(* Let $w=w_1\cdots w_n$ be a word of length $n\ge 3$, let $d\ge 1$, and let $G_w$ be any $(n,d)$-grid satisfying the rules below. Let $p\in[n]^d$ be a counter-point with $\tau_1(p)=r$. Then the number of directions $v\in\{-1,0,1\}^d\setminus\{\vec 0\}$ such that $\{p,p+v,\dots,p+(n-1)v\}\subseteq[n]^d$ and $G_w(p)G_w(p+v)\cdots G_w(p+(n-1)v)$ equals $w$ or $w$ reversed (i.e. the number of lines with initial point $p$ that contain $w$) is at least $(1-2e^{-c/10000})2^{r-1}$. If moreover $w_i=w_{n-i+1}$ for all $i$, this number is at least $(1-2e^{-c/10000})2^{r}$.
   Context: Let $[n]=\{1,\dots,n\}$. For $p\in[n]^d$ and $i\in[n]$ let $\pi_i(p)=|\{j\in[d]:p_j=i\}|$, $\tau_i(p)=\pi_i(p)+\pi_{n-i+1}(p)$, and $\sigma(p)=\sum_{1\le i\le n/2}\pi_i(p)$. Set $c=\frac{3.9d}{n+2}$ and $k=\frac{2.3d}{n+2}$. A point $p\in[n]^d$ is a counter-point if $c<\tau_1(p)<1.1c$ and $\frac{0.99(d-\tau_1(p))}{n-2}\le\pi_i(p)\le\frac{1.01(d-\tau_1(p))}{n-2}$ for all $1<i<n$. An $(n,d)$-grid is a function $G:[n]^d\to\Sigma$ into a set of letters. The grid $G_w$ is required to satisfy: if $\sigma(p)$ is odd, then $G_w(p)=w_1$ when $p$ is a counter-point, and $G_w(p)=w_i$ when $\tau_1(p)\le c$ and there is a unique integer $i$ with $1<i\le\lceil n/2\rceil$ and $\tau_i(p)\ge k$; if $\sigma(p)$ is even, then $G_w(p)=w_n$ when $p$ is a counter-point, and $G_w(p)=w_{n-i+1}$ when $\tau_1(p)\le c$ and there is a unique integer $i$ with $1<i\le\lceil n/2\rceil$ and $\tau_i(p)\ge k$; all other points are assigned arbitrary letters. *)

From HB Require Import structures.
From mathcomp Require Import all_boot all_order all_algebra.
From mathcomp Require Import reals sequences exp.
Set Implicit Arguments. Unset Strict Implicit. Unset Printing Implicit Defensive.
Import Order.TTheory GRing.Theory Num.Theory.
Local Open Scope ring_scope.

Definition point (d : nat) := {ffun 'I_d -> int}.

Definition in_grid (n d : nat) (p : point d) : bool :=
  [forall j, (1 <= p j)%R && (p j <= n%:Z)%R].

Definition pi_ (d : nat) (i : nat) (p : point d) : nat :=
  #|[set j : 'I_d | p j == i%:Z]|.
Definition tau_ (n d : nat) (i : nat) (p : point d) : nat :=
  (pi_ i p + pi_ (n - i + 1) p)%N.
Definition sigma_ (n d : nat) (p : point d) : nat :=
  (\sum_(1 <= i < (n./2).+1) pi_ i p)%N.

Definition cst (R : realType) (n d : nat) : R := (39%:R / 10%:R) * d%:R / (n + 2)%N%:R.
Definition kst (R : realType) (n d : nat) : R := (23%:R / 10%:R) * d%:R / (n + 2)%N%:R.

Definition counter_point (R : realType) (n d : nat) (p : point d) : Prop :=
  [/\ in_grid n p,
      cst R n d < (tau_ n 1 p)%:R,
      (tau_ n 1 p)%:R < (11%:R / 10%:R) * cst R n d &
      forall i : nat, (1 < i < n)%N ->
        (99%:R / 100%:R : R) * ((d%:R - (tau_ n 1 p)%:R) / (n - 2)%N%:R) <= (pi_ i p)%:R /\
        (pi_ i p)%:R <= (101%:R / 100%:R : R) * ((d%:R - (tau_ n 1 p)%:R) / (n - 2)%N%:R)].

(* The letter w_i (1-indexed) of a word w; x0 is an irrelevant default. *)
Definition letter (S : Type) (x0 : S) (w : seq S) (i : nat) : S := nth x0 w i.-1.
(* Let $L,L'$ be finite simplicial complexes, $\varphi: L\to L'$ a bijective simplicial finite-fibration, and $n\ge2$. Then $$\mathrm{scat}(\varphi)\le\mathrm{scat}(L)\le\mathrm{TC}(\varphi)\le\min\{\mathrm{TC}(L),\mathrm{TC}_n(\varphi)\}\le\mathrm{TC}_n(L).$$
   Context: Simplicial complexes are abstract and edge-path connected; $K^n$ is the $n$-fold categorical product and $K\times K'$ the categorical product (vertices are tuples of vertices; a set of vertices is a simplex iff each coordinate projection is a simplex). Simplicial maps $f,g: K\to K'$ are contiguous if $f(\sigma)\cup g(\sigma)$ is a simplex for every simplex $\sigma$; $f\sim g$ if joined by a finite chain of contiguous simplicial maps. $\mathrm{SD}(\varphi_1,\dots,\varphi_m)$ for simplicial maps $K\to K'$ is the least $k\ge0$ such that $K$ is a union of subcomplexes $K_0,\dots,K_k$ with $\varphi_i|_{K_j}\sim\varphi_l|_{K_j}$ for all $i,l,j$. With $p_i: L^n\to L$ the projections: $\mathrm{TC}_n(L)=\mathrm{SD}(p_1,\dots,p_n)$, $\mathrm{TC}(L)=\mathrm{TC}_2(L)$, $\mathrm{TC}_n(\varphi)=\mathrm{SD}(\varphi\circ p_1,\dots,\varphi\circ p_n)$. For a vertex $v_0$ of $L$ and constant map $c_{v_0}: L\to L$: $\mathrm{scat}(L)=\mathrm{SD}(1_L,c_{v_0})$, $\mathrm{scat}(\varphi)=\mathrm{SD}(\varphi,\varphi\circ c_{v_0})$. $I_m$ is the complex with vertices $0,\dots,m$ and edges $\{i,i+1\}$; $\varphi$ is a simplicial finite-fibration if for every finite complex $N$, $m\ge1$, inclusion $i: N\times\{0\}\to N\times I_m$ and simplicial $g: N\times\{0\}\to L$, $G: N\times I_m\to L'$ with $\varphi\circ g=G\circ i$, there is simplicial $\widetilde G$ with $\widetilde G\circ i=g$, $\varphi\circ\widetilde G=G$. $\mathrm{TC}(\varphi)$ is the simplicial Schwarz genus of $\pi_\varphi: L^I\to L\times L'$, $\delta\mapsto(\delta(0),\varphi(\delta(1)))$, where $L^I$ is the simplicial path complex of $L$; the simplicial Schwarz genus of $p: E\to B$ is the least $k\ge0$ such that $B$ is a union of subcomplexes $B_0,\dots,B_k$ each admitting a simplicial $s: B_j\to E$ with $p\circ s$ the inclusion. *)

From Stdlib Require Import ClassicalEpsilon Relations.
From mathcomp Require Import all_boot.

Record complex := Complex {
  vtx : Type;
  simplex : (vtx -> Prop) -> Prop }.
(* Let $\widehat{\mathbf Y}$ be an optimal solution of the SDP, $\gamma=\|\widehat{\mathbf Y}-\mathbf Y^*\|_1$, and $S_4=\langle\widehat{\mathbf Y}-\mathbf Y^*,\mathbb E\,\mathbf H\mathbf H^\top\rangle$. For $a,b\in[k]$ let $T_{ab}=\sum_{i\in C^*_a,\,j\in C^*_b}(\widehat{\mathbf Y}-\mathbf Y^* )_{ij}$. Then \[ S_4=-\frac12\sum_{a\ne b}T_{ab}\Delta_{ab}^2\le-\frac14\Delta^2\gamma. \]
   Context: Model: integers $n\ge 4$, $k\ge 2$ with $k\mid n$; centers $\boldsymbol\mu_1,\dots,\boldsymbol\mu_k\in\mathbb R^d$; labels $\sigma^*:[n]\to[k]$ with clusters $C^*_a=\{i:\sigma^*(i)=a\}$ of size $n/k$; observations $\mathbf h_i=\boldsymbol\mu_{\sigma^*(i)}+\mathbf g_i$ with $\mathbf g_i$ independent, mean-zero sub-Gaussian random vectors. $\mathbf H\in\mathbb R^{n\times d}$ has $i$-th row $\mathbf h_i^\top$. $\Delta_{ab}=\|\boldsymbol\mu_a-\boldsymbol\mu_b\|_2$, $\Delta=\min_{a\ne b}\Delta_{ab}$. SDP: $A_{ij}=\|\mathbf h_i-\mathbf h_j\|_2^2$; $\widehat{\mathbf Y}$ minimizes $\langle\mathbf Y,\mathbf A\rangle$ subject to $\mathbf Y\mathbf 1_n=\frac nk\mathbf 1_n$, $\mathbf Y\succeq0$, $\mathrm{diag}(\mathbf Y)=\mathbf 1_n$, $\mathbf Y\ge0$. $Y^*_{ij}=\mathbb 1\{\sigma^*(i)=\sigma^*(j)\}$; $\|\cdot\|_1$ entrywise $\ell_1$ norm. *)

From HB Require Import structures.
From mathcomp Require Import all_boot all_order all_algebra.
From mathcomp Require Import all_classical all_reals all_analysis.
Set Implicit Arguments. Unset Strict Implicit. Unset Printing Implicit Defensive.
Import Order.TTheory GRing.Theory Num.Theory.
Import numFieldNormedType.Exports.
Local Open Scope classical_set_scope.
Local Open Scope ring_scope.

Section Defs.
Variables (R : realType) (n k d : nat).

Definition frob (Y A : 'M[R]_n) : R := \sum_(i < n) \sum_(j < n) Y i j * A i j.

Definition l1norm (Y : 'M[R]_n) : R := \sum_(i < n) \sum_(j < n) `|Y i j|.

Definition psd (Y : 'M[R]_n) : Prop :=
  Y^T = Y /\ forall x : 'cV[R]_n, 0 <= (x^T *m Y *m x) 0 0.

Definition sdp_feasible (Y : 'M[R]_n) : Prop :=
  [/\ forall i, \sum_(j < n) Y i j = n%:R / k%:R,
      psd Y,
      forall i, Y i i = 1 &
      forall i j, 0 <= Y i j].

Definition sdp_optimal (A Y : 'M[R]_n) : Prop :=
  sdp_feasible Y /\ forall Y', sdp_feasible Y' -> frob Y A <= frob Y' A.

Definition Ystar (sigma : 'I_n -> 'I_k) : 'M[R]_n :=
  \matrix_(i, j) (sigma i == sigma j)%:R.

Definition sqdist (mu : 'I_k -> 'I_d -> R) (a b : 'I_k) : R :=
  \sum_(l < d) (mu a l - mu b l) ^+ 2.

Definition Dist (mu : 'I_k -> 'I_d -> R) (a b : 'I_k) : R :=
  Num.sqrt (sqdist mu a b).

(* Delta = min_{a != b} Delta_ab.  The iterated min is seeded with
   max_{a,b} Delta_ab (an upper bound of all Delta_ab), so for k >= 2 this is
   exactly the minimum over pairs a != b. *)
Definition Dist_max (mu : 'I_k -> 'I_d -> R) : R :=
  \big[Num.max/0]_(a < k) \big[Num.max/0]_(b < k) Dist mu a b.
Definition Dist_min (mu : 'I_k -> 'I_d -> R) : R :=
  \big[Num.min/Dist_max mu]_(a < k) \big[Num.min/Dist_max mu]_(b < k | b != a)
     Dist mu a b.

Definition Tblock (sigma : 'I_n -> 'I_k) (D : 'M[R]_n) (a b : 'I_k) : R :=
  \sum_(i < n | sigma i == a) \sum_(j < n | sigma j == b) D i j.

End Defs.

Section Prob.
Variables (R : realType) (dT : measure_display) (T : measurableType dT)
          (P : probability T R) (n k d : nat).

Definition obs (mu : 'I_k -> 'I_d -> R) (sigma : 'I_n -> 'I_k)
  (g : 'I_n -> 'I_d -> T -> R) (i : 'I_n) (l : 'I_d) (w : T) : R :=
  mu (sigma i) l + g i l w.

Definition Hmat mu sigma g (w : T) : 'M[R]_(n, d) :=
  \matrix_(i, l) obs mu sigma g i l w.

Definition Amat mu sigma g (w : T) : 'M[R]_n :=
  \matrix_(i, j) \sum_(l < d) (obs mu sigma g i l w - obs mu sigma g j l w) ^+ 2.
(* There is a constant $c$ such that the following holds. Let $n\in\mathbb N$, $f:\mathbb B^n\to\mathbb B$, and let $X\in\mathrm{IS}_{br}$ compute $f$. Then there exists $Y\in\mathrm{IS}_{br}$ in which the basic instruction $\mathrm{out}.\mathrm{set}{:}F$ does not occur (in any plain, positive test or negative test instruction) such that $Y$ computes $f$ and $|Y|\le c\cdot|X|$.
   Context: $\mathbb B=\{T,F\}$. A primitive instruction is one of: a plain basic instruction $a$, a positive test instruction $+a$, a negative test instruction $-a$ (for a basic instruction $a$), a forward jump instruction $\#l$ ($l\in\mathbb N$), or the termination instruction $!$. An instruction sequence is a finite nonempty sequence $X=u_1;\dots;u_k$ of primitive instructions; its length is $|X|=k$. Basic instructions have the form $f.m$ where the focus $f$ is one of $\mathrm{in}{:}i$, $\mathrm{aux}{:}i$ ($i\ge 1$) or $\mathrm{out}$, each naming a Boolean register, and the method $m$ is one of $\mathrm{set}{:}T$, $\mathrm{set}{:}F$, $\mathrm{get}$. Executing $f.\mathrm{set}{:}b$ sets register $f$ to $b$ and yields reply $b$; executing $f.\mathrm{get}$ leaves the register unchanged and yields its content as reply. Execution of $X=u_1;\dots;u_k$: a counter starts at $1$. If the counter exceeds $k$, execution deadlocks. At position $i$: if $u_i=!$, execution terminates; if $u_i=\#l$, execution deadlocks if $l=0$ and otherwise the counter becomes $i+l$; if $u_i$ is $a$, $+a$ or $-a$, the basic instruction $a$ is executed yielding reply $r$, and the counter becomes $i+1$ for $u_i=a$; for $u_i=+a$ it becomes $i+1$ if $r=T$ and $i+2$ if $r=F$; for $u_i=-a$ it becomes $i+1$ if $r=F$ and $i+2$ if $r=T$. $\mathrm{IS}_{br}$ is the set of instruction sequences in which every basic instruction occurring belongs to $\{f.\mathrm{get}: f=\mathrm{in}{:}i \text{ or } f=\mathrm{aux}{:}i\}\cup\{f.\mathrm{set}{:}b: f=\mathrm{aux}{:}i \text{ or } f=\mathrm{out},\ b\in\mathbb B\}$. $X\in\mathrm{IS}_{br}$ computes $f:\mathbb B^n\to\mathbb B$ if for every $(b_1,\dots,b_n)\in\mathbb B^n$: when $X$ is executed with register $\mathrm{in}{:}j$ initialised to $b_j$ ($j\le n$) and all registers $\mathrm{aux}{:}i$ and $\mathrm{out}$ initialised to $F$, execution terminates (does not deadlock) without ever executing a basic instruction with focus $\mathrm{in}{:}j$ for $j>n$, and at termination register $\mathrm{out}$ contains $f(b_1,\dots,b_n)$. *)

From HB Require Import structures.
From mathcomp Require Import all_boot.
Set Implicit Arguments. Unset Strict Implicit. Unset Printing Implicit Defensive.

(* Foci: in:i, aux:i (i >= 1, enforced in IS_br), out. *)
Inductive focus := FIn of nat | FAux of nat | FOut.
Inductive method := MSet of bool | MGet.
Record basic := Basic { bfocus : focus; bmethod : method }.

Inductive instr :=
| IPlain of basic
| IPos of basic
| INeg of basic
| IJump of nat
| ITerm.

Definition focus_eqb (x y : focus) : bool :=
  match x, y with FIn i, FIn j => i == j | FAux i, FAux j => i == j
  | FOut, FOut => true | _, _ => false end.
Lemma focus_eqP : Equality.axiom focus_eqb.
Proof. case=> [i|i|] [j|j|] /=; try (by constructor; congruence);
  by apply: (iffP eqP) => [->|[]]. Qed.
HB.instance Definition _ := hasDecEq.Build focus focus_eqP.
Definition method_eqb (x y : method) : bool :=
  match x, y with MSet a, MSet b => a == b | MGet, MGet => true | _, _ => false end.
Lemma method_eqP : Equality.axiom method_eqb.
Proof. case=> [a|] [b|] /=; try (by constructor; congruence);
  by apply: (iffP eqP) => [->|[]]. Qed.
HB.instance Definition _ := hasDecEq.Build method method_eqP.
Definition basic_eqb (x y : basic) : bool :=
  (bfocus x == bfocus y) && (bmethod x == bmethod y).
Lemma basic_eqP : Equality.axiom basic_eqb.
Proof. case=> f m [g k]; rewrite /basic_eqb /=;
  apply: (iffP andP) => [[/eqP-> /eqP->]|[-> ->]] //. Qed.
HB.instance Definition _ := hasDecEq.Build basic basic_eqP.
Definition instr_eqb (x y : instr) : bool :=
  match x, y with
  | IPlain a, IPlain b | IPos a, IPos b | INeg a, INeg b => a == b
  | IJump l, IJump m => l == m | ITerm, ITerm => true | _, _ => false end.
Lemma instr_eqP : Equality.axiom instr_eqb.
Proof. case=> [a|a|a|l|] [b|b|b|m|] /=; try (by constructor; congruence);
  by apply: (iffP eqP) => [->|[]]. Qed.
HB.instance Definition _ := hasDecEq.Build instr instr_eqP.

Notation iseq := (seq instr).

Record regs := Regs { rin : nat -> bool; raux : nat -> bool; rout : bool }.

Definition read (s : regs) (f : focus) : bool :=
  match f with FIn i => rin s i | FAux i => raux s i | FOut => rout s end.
§
* **YOUR INSTRUCTIONS**: Where does the word "IJump" appear in the records above? Return every line that holds it.

* **EXERCISE RESULT**:
| IJump of nat
  | IJump l, IJump m => l == m | ITerm, ITerm => true | _, _ => false end.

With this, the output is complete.